EBiz: How has the declining cost of launch impacted Ibeos and do you expect launch costs to continue falling?

Moberly: Lower launch costs have driven the proliferation of multi-orbit architectures. As constellations mature, industries tend to move from vertically-integrated models to horizontal supplier bases, which are more cost efficient. We’re seeing that same shift in space.

As the number of satellites increases, cost-per-satellite decreases and mission assurance improves because systems are evaluated in aggregate. This creates more opportunities for suppliers. Continued launch cost reductions, driven by vehicles like SpaceX’s Starship and offerings from companies such as Blue Origin, will likely continue, similar to a Moore’s Law-style progression.

EBiz: How does Ibeos get to space? Do you fly on specific providers?

Moberly: We’re a supplier to satellite and space vehicle providers, rather than an operator. Our products include modular power systems, power distribution units, batteries and high-performance edge compute systems. Those capabilities align closely with the edge processing discussion we opened with.

EBiz: What separates Ibeos from competitors?

Moberly: Our ability to adapt automotive-grade components to operate reliably in the harsh space environment sets us apart. This requires extensive work across hardware, firmware and software. By integrating these elements, we’re able to deliver roughly 80 percent of mission assurance at an order-of-magnitude lower cost compared to traditional approaches.

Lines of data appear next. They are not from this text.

(* Let $H$ be the adjacency matrix or the Laplacian matrix of an undirected weighted connected graph on vertices $1,\dots,n$, and suppose perfect state transfer from vertex $1$ to vertex $2$ occurs at time $t_0$, i.e. $|\langle 1|e^{it_0H}|2\rangle|=1$. Assume moreover that there exist $\theta\in\mathbb{R}$, an integer $0\le\ell\le n$, a real orthogonal matrix $\tilde Q$ and $\tilde D=\pi\,\mathrm{diag}(r_1,\dots,r_n)$ with $r_1\ge\cdots\ge r_\ell$ positive even integers and $r_{\ell+1}\ge\cdots\ge r_n$ positive odd integers, such that $t_0H=\tilde Q^T\tilde D\tilde Q+\theta I$ and the first two rows of $\tilde Q^T$ are $(x_1,\dots,x_n)$ and $(x_1,\dots,x_\ell,-x_{\ell+1},\dots,-x_n)$ with $x_1,\dots,x_n\ge 0$ (that is, such a decomposition exists with no trailing zero block). Let $H_0$ be a nonzero real symmetric $n\times n$ perturbation and $\hat H=t_0H+H_0$. Then, as $H_0\to 0$, \[ 1-|\langle 1|e^{i\hat H}|2\rangle|^2\ \le\ \frac{2\|H_0\|_F^2}{(\pi-\|H_0\|)^2}+\|H_0\|^2+O(\|H_0\|^3). \]
   Context: $\|\cdot\|$ denotes the operator (spectral) norm and $\|\cdot\|_F$ the Frobenius norm. For a weighted graph with edge weights $w(j,k)$, the adjacency matrix $A$ has $(j,k)$ entry $w(j,k)$ if $j,k$ are adjacent and $0$ otherwise; the Laplacian is $L=R-A$ with $R$ the diagonal matrix of row sums of $A$. $\langle 1|M|2\rangle$ denotes the $(1,2)$ entry of a matrix $M$. *)

From HB Require Import structures.
From mathcomp Require Import all_boot all_order all_algebra.
From mathcomp Require Import all_classical all_reals all_analysis.
From mathcomp Require Import complex.

Set Implicit Arguments.
Unset Strict Implicit.
Unset Printing Implicit Defensive.

Import Order.TTheory GRing.Theory Num.Theory numFieldNormedType.Exports.
Local Open Scope ring_scope.
Local Open Scope classical_set_scope.

Section Defs.
Variables (R : realType) (n : nat).

Definition cplx_mx (A : 'M[R]_n) : 'M[R[i]]_n :=
  map_mx (fun x : R => Complex x 0) A.

Definition expmi_partial (A : 'M[R]_n) (N : nat) : 'M[R[i]]_n :=
  \sum_(k < N) ((k`!)%:R)^-1 *: (Complex 0 1 *: cplx_mx A) ^+ k.

Definition expmi (A : 'M[R]_n) : 'M[R[i]]_n :=
  \matrix_(i, j) Complex (limn (fun N => @complex.Re R (expmi_partial A N i j)))
                         (limn (fun N => @complex.Im R (expmi_partial A N i j))).

Definition vnorm (v : 'cV[R]_n) : R := Num.sqrt (\sum_i v i 0 ^+ 2).

Definition frobenius (A : 'M[R]_n) : R :=
  Num.sqrt (\sum_i \sum_j A i j ^+ 2).

Definition opnorm (A : 'M[R]_n) : R :=
  sup [set vnorm (A *m v) | v in [set v : 'cV[R]_n | vnorm v = 1]].

(** A is the adjacency matrix of an undirected weighted (simple) graph on
    vertex set 'I_n: symmetric, zero diagonal, nonnegative entries; j and k
    are adjacent iff A j k != 0 (i.e. the weight w(j,k) > 0). *)
Definition weighted_adjacency (A : 'M[R]_n) : Prop :=
  A^T = A /\ (forall i, A i i = 0) /\ (forall i j, 0 <= A i j).

Definition adj_connected (A : 'M[R]_n) : Prop :=
  forall j k : 'I_n, connect [rel a b | A a b != 0] j k.

Definition laplacian (A : 'M[R]_n) : 'M[R]_n :=
  diag_mx (\row_i \sum_j A i j) - A.

Definition cmod (z : R[i]) : R := ComplexField.Normc.normc z.

End Defs.

From HB Require Import structures.
From mathcomp Require Import all_boot all_order all_algebra.
From mathcomp Require Import all_classical all_reals all_analysis.
From mathcomp Require Import complex.
From mathcomp Require Import ring lra.
Import Order.TTheory GRing.Theory Num.Theory numFieldNormedType.Exports.

Set Implicit Arguments.
Unset Strict Implicit.
Unset Printing Implicit Defensive.

Local Open Scope ring_scope.
Local Open Scope sesquilinear_scope.

(* On real symmetric matrices the map
   [A |-> e^{iA}] is 1-Lipschitz from the operator norm to the Euclidean norm:
   write [e^{iA} = (e^{iA/k})^k] and telescope, each of the [k] steps
   contributing [||A' - A||/k + O(1/k^2)].  Perfect state transfer makes column 2
   of [e^{i t0 H}] a unimodular multiple of [e_1]; the same column of the
   unitary [e^{i \hat H}] has norm 1, so [1 - |<1|e^{i \hat H}|2>|^2] is its mass
   off vertex 1, which is at most the squared distance between the two columns,
   hence at most [||H0||^2]. *)

Section TrigBounds.
Variable R : realType.

Lemma norm_sub0_le_derive (f df : R -> R) (L y : R) :
  (forall x : R, is_derive x (1 : R) f (df x)) ->
  (forall c, `|c| <= `|y| -> `|df c| <= L) ->
  `|f y - f 0| <= L * `|y|.
Proof.
move=> f_df df_le.
have f_cont : continuous f.
  by move=> x; apply/differentiable_continuous/derivable1_diffP; apply: ex_derive; apply: f_df.
have f_df_in (a b x : R) : x \in `]a, b[%R -> is_derive x (1 : R) f (df x) by move=> _; apply: f_df.
have [y_ge0|y_lt0] := leP 0 y.
  have [c /andP[c_ge0 c_le] ->] :=
    MVT_segment y_ge0 (f_df_in 0 y) (continuous_subspaceT f_cont).
  rewrite normrM subr0 ler_wpM2r // df_le // !ger0_norm // (le_trans c_ge0 c_le).
have [c /andP[c_le c_le0] E] :=
  MVT_segment (ltW y_lt0) (f_df_in y 0) (continuous_subspaceT f_cont).
rewrite -normrN opprB E normrM sub0r normrN ler_wpM2r // df_le //.
by rewrite ler0_norm ?(ltW y_lt0) // ler0_norm ?lerN2 // (le_trans _ (ltW y_lt0)).
Qed.

Lemma norm_sin_le (y : R) : `|sin y| <= `|y|.
Proof.
have := @norm_sub0_le_derive sin cos 1 y (@is_derive_sin R).
by rewrite sin0 subr0 mul1r; apply=> c _; exact: cos_max.
Qed.

Lemma norm_cos_sub1_le (y : R) : `|cos y - 1| <= `|y|.
Proof.
have := @norm_sub0_le_derive cos (fun x => - sin x) 1 y (@is_derive_cos R).
by rewrite cos0 mul1r; apply=> c _; rewrite normrN sin_max.
Qed.

Lemma norm_cos_sub1_le_sqr (y : R) : `|cos y - 1| <= y ^+ 2.
Proof.
have := @norm_sub0_le_derive cos (fun x => - sin x) `|y| y (@is_derive_cos R).
rewrite cos0 -normrM -expr2 ger0_norm ?sqr_ge0 //; apply=> c c_le.
by rewrite normrN (le_trans (norm_sin_le c)).
Qed.

Lemma norm_sin_sub_le_sqr (y : R) : `|sin y - y| <= y ^+ 2.
Proof.
have sin_sub_df (x : R) : is_derive x (1 : R) (fun x => sin x - x) (cos x - 1) by apply: is_deriveB.
have := @norm_sub0_le_derive _ _ `|y| y sin_sub_df.
rewrite sin0 !subr0 -normrM -expr2 ger0_norm ?sqr_ge0 //; apply=> c c_le.
exact: le_trans (norm_cos_sub1_le c) c_le.
Qed.

End TrigBounds.

Section ComplexNumbers.
Variable R : realType.
Local Notation C := R[i].
Local Open Scope complex_scope.

Definition expi (x : R) : C := Complex (cos x) (sin x).

Definition normc2 (c : C) : R := complex.Re c ^+ 2 + complex.Im c ^+ 2.

Lemma ReD (a b : C) : complex.Re (a + b) = complex.Re a + complex.Re b.
Proof. by case: a; case: b. Qed.

Lemma ImD (a b : C) : complex.Im (a + b) = complex.Im a + complex.Im b.
Proof. by case: a; case: b. Qed.

Lemma ReM (a b : C) :
  complex.Re (a * b) = complex.Re a * complex.Re b - complex.Im a * complex.Im b.
Proof. by case: a; case: b. Qed.

Lemma ImM (a b : C) :
  complex.Im (a * b) = complex.Re a * complex.Im b + complex.Im a * complex.Re b.
Proof. by case: a; case: b. Qed.

Lemma Re_sum (I : Type) (r : seq I) (f : I -> C) :
  complex.Re (\sum_(i <- r) f i) = \sum_(i <- r) complex.Re (f i).
Proof. exact: (big_morph _ ReD). Qed.

Lemma Im_sum (I : Type) (r : seq I) (f : I -> C) :
  complex.Im (\sum_(i <- r) f i) = \sum_(i <- r) complex.Im (f i).
Proof. exact: (big_morph _ ImD). Qed.

Lemma normc2_ge0 (c : C) : 0 <= normc2 c.
Proof. by rewrite addr_ge0 ?sqr_ge0. Qed.

Lemma normc2M (a b : C) : normc2 (a * b) = normc2 a * normc2 b.
Proof. by rewrite /normc2 ReM ImM; ring. Qed.

Lemma normc2N (c : C) : normc2 (- c) = normc2 c.
Proof. by case: c => a b; rewrite /normc2 /=; ring. Qed.

Lemma normc2_eq0 (c : C) : normc2 c = 0 -> c = 0.
Proof.
case: c => a b; rewrite /normc2 /= => ab0.
have a0 : a ^+ 2 = 0 by apply/le_anti; rewrite sqr_ge0 -ab0 lerDl sqr_ge0.
have b0 : b ^+ 2 = 0 by move: ab0; rewrite a0 add0r.
by move/eqP: a0; move/eqP: b0; rewrite !sqrf_eq0 => /eqP-> /eqP->.
Qed.

Lemma normc2_imag (t : R) : normc2 (Complex 0 t) = t ^+ 2.
Proof. by rewrite /normc2 /=; ring. Qed.

Lemma normc2E (c : C) : (normc2 c)%:C = c^* * c.
Proof.
by case: c => a b; apply/eqP; rewrite eq_complex /normc2 /=; apply/andP; split; apply/eqP; ring.
Qed.

Lemma cmod_sqr (c : C) : cmod c ^+ 2 = normc2 c.
Proof. by case: c => a b; rewrite /cmod /= sqr_sqrtr // addr_ge0 ?sqr_ge0. Qed.

Lemma expiD (x y : R) : expi (x + y) = expi x * expi y.
Proof.
by rewrite /expi cosD sinD; apply/eqP; rewrite eq_complex /=; apply/andP; split; apply/eqP; ring.
Qed.
Lemma hits_predC f k om : hits (predC f) k om = k%:R - hits f k om.
Proof.
rewrite -[k in k%:R]card_ord -sumr_const /hits -sumrB.
by apply: eq_bigr => i _ /=; case: (f _); rewrite ?subrr ?subr0.
Qed.

Let hits_ge (f : pred T) (c : R) {k} : pred {ffun 'I_k -> T} :=
  fun g => k%:R * c <= \sum_(i < k) (f (g i))%:R.

Let hits_geE (f : pred T) (c : R) k :
  [set om | k%:R * c <= hits f k om] = [set om | hits_ge f c (prefix k om)].
Proof.
have hitsE om : hits f k om = \sum_(i < k) (f (prefix k om i))%:R.
  by apply: eq_bigr => i _; rewrite ffunE.
by apply/seteqP; split => om /=; rewrite hitsE.
Qed.

(* Exponential Markov inequality; the prefix law is a product measure, so the
   moment generating function of [hits f k] is the [k]-th power of that of a
   single indicator. *)
Lemma hits_exp_markov (f : pred T) (lam c : R) k : 0 < lam ->
  (P [set om | (k%:R * c <= hits f k om)%R] <=
   (((\sum_t law t * expR (lam * (f t)%:R)) / expR (lam * c)) ^+ k)%:E)%E.
Proof.
move=> lam0; rewrite hits_geE; set F := @hits_ge f c k.
pose mgf_term (g : {ffun 'I_k -> T}) :=
  (\prod_(i < k) (law (g i) * expR (lam * (f (g i))%:R))) / expR (lam * c) ^+ k.
rewrite measure_preimage_finType; last exact: measurable_prefix_eq.
rewrite (eq_bigr (fun g : {ffun 'I_k -> T} => (\prod_(i < k) law (g i))%:E)); last first.
  by move=> g _; exact: probability_prefix_eq.
rewrite sumEFin lee_fin (le_trans (_ : _ <= \sum_g mgf_term g)) //.
  rewrite [leRHS](bigID F) /= -[leLHS]addr0 lerD //; last first.
    apply: sumr_ge0 => g _; apply: divr_ge0; last by rewrite exprn_ge0 ?expR_ge0.
    by apply: prodr_ge0 => i _; rewrite mulr_ge0 ?expR_ge0.
  apply: ler_sum => g Fg; rewrite /mgf_term big_split /= -mulrA ler_peMr //.
    by apply: prodr_ge0.
  rewrite ler_pdivlMr ?exprn_gt0 ?expR_gt0 // mul1r -expR_sum -expRM_natl ler_expR.
  by rewrite -mulr_sumr mulrCA ler_pM2l.
rewrite /mgf_term -mulr_suml.
rewrite -(bigA_distr_bigA (fun (i : 'I_k) t => law t * expR (lam * (f t)%:R))).
by rewrite prodr_const card_ord exprMn exprVn.
Qed.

EBiz: What capabilities do you specialize in?

Moberly: Our modular power systems and compute platforms are designed to support a wide range of missions. Flexibility is built into the architecture, whether the mission involves communications, data transport or other payloads.

For example, our power system supports configurations ranging from three to 10 cards, enabling management of multiple payloads, solar arrays and batteries. We’re applying these systems to lunar missions, including NASA’s Commercial Lunar Payload Services, or CLPS, program.

EBiz: Anything else you’d like to add?

Moberly: We’re just over 10 years old as a company and transitioned into a product-focused business over the last few years. We’ve grown without venture capital funding and currently have about 70 employees. We’re actively hiring, particularly Field Programmable Gate Array engineers.

What Does Ibeos Do?

Ibeos provides edge computing for spacecraft using GPUs that enable artificial intelligence processing. It also offers power distribution systems and batteries. These three product lines are driving its growth. About half of Ibeos’ business comes from traditional prime contractors, and the other half comes from emerging space startups.

Who Is John Moberly?

Moberly is the chief growth officer and general manager of programs at Ibeos, a developer of high-quality spacecraft avionics. These include power distribution and battery product lines and, now, an edge computing and space high performance computing product line.  

What Does John Moberly Do at Ibeos?

Moberly helps Ibeos push the technological envelope in high-performance space computing. He leads overall growth at the company while ensuring its programmatic efforts stay on schedule.

Ibeos has developed the EDGE-1100 and Genie edge-processing solutions for space based on the AMD Ryzen graphics processing unit. They are specifically designed for the power, thermal and radiation environment of space.

Ibeos is working with Microchip Technology, an American public semiconductor corporation that developed the High Performance Space Computer, or HPSC, processor jointly with NASA funding. Ibeos will integrate this new RISC-V-based processor into Ibeos’ single-board computers for its next generation flight computer. 

Edge processing primarily falls into two categories: enabling autonomous dynamic space operations using graphics processing unit-based computer vision algorithms and on-board processing for time-sensitive missions. Then the new HPSC will enable very high speed and performance networking and processing solutions on-orbit.